Indeed, although Budgen does not make it explicit, it seems like Joyce was trying out a number of his literary and artistic theories on him: whereas Joyce admits himself to be no critic---he can't let himself make such objective judgments in his own pursuit of his art qua subject---Budgen freely expresses his own taste, intentions and ideas all mixed together. Joyce and Budgen talk a good deal, none of it reflecting wonderfully on Budgen (and therefore probably true) but all of it enlightening about Joyce's opinions and motivations, both retrospectively behind Ulysses and also behind the ongoing Work in Progress that would become his last, great book.

Every few chapters Budgen unburdens himself of chapters of Joyce as if he has taken a purgative, and the effect is to prevent in turn the flow of the genial narrative that his more literal recollections comprise.
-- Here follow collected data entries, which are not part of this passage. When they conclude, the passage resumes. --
Lemma horner_factor_geo_bounded A q r mu : `|r| < mu ->
  geo_bounded mu (fun k => horner_mx A (('X - r%:P) * q) *m A ^+ k) ->
  geo_bounded mu (fun k => horner_mx A q *m A ^+ k).
Proof.
move=> rmu [D HD]; set Q := horner_mx A q.
have mu0 : 0 < mu by apply: le_lt_trans rmu.
have QAS k : Q *m A ^+ k.+1
    = r *: (Q *m A ^+ k) + horner_mx A (('X - r%:P) * q) *m A ^+ k.
  have AQ : A * Q = Q * A.
    by rewrite /Q -{1}(horner_mx_X A) -rmorphM mulrC rmorphM /= horner_mx_X.
  rewrite rmorphM rmorphB /= horner_mx_X horner_mx_C -/Q exprS !mulmxE.
  rewrite mulrBl mulrBl mulrA -AQ -[r%:M * Q]/(r%:M *m Q) mul_scalar_mx.
  by rewrite -scalerAl addrC subrK.
have D0 : 0 <= D.
  by have := HD 0%N 0 0; rewrite expr0 mulr1; apply: le_trans (normr_ge0 _).
have gap : 0 < mu - `|r| by rewrite subr_gt0.
pose S := \sum_i \sum_j `|Q i j|.
have S0 : 0 <= S by apply: sumr_ge0 => *; apply: sumr_ge0.
exists (S + D / (mu - `|r|)) => k i j.
apply: (@geometric_rec_le r mu D _ (fun k => (Q *m A ^+ k) i j)
  (fun k => (horner_mx A (('X - r%:P) * q) *m A ^+ k) i j) _ _ _ (fun k => HD k i j)).
- exact: ltW.
- rewrite expr0 mulmx1; apply: le_trans (_ : S <= _); last first.
    by rewrite lerDl divr_ge0 // ltW.
  rewrite /S (bigD1 i) //= (bigD1 j) //= -addrA lerDl.
  by apply: addr_ge0; apply: sumr_ge0 => *; last apply: sumr_ge0.
- rewrite -lerBrDr -mulrBl mulrDr mulrCA mulfV ?gt_eqF // mulr1 lerDr.
  exact: mulr_ge0 (ltW gap) S0.
- by move=> k'; rewrite QAS !mxE.
Qed.

Lemma horner_prod_geo_bounded A (rs : seq F) mu :
  (forall r, r \in rs -> `|r| < mu) ->
  geo_bounded mu (fun k => horner_mx A (\prod_(r <- rs) ('X - r%:P)) *m A ^+ k) ->
  geo_bounded mu (fun k => A ^+ k).
Proof.
elim: rs => [|r rs IHrs] hrs hA.
  by move: hA; under eq_fun do rewrite big_nil rmorph1 mul1mx.
apply: IHrs => [s srs|]; first by apply: hrs; rewrite inE srs orbT.
apply: (horner_factor_geo_bounded (r := r)); first by apply: hrs; rewrite mem_head.
by move: hA; under eq_fun do rewrite big_cons.
Qed.
Definition inGGamma (f : ser) : Prop :=
  [/\ wf f, graded f, afree f, sym_x f & subst_t_tbar f = subst_0_0 f].

(* ---- the ring R_a = union_m Q[beta][[a_1..a_m]]_gr ---- *)
Definition inRa (f : ser) : Prop :=
  [/\ wf f, graded f, xfree f &
      exists m, forall e g, has (fun n => n != 0%N) (drop m g) -> f e g = 0].

Fixpoint subexps (e : seq nat) : seq (seq nat) :=
  if e is n :: e' then
    [seq (i :: s) | i <- iota 0 n.+1, s <- subexps e'] else [:: [::]].
Definition esub (e e1 : seq nat) : seq nat :=
  [seq (nth 0 e i - nth 0 e1 i)%N | i <- iota 0 (size e)].
Definition sermul (f h : ser) : ser := fun e g =>
  \sum_(e1 <- subexps e) \sum_(g1 <- subexps g) f e1 g1 * h (esub e e1) (esub g g1).

(* G Gamma (x)_{Q[beta]} R_a, as the subring of series spanned by products *)
Definition inGGammaRa (f : ser) : Prop :=
  exists (n : nat) (G R : 'I_n -> ser),
    (forall i, inGGamma (G i) /\ inRa (R i)) /\
    forall e g, f e g = \sum_(i < n) sermul (G i) (R i) e g.

(* s_0^a f = f(a_1, x_1, x_2, ...; abar_1, a_2, ...) *)
Definition s0a (f : ser) : ser := fun e g =>
  \sum_(e1 < (head 0%N g).+1) \sum_(g1 < (head 0%N g).+1)
    f ((e1 : nat) :: e) ((g1 : nat) :: behead g) * psexp (tbarR beta) g1 (head 0%N g - e1)%N.
Definition swapexp (p : nat) (g : seq nat) : seq nat :=
  [seq nth 0%N g (if j == p then p.+1 else if j == p.+1 then p else j)
  | j <- iota 0 (maxn (size g) p.+2)].
(* s_i^a (i >= 1) swaps a_i and a_{i+1} *)
Definition sia (i : nat) (f : ser) : ser := fun e g => f e (swapexp i.-1 g).
Definition sa (i : nat) : ser -> ser := if i == 0%N then s0a else sia i.
(* Let $n\ge 2$ and let $G=(V,E)$ be a $k$-edge-connected graph on $n$ vertices with $k\ge 7\log_2 n$. Then there is a set $S\subseteq V$ with $|S|\ge 2$ such that the induced subgraph $G[S]$ is $k/20$-edge-connected, $1/4$-dense in $G$, and satisfies $\phi(G[S])\ge 1/k$.
   Context: Graphs are finite, undirected, unweighted, loopless, possibly with parallel edges; $k$-edge-connected means every cut $(S,\overline S)$, $\emptyset\ne S\subsetneq V$, has at least $k$ edges. For a graph $H$ and $S\subseteq V(H)$, $\partial_H(S)$ is the number of edges of $H$ leaving $S$, $d_H(S)$ is the sum of $H$-degrees of vertices in $S$, and $\phi(H)=\min_{\emptyset\ne S\subsetneq V(H)}\partial_H(S)/\min\{d_H(S),d_H(V(H)\setminus S)\}$. An induced subgraph $H$ of $G$ is $\lambda$-dense if $d_H(v)\ge\lambda\, d_G(v)$ for every vertex $v$ of $H$. *)

From HB Require Import structures.
From mathcomp Require Import all_boot all_order all_algebra.
From Stdlib Require Import Reals.
Set Implicit Arguments. Unset Strict Implicit. Unset Printing Implicit Defensive.
Import Order.TTheory GRing.Theory Num.Theory.
Local Open Scope ring_scope.

(* A finite undirected loopless multigraph on vertex type T:
   mult x y = number of parallel edges between x and y. *)
Record mgraph (T : finType) := MGraph {
  mult : T -> T -> nat;
  mult_sym : forall x y, mult x y = mult y x;
  mult_irr : forall x, mult x x = 0%N
}.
No doubt he has a number of important points about the groundbreaking nature of Joyce's work to illuminate, but one does wish he might let the man speak for himself, given he clearly did so on many occasions. Still, he quickly picks up the thread again of his meetings with Joyce, and Zürich is described with understated, unaffected affection. The wartime antics of Budgen and the British in Switzerland are an amusing sideline to what, quietly and unassumingly, begins with an accurate picture of Joyce and eventually becomes a much more revealing, verbal portrait.